(Collected data)
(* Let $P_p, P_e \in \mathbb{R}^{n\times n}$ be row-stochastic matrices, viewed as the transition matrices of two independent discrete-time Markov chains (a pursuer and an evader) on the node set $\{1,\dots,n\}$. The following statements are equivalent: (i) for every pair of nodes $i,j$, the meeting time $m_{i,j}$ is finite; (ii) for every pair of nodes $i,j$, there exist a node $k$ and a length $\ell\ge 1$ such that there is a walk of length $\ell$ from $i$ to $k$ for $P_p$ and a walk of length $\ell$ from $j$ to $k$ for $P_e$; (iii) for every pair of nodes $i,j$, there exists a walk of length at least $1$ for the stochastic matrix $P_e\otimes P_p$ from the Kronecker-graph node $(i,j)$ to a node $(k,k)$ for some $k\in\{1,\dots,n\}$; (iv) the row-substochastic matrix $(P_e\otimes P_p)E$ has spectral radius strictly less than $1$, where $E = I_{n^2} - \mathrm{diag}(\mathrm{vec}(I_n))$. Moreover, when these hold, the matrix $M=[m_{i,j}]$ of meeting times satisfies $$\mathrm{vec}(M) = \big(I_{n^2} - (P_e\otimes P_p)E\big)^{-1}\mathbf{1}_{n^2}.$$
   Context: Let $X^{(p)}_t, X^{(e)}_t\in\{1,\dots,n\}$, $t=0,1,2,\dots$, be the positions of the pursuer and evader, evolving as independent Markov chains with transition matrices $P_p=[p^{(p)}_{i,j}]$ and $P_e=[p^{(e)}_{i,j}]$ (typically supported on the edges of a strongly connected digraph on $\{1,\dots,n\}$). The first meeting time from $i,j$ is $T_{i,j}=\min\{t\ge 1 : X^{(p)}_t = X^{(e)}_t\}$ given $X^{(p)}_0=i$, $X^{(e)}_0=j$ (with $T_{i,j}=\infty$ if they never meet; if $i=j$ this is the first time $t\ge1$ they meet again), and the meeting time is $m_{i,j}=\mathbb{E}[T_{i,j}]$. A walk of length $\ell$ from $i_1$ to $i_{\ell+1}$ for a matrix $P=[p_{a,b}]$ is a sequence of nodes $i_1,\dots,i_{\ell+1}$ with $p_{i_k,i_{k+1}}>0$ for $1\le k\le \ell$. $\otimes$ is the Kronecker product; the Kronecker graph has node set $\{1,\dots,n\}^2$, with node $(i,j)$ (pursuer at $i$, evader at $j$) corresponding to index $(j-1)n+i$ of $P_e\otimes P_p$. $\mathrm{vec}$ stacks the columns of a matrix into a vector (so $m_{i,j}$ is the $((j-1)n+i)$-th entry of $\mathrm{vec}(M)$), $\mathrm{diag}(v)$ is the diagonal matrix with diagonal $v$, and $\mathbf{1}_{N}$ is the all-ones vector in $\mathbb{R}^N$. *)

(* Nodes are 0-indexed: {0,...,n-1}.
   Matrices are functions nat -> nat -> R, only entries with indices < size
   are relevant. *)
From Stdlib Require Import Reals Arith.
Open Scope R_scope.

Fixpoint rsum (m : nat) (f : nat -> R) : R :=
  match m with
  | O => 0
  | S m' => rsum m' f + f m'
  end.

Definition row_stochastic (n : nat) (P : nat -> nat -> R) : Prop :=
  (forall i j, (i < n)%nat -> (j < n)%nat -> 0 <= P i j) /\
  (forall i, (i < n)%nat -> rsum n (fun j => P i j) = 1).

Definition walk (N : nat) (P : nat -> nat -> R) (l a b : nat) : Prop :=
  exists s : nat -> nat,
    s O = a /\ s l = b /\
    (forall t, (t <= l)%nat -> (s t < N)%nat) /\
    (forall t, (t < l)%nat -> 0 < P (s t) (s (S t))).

ACTION ITEM ▸
Show me every line in the data above that includes "Definition".

OUTPUT FOR THIS TASK ▸
Definition row_stochastic (n : nat) (P : nat -> nat -> R) : Prop :=
Definition walk (N : nat) (P : nat -> nat -> R) (l a b : nat) : Prop :=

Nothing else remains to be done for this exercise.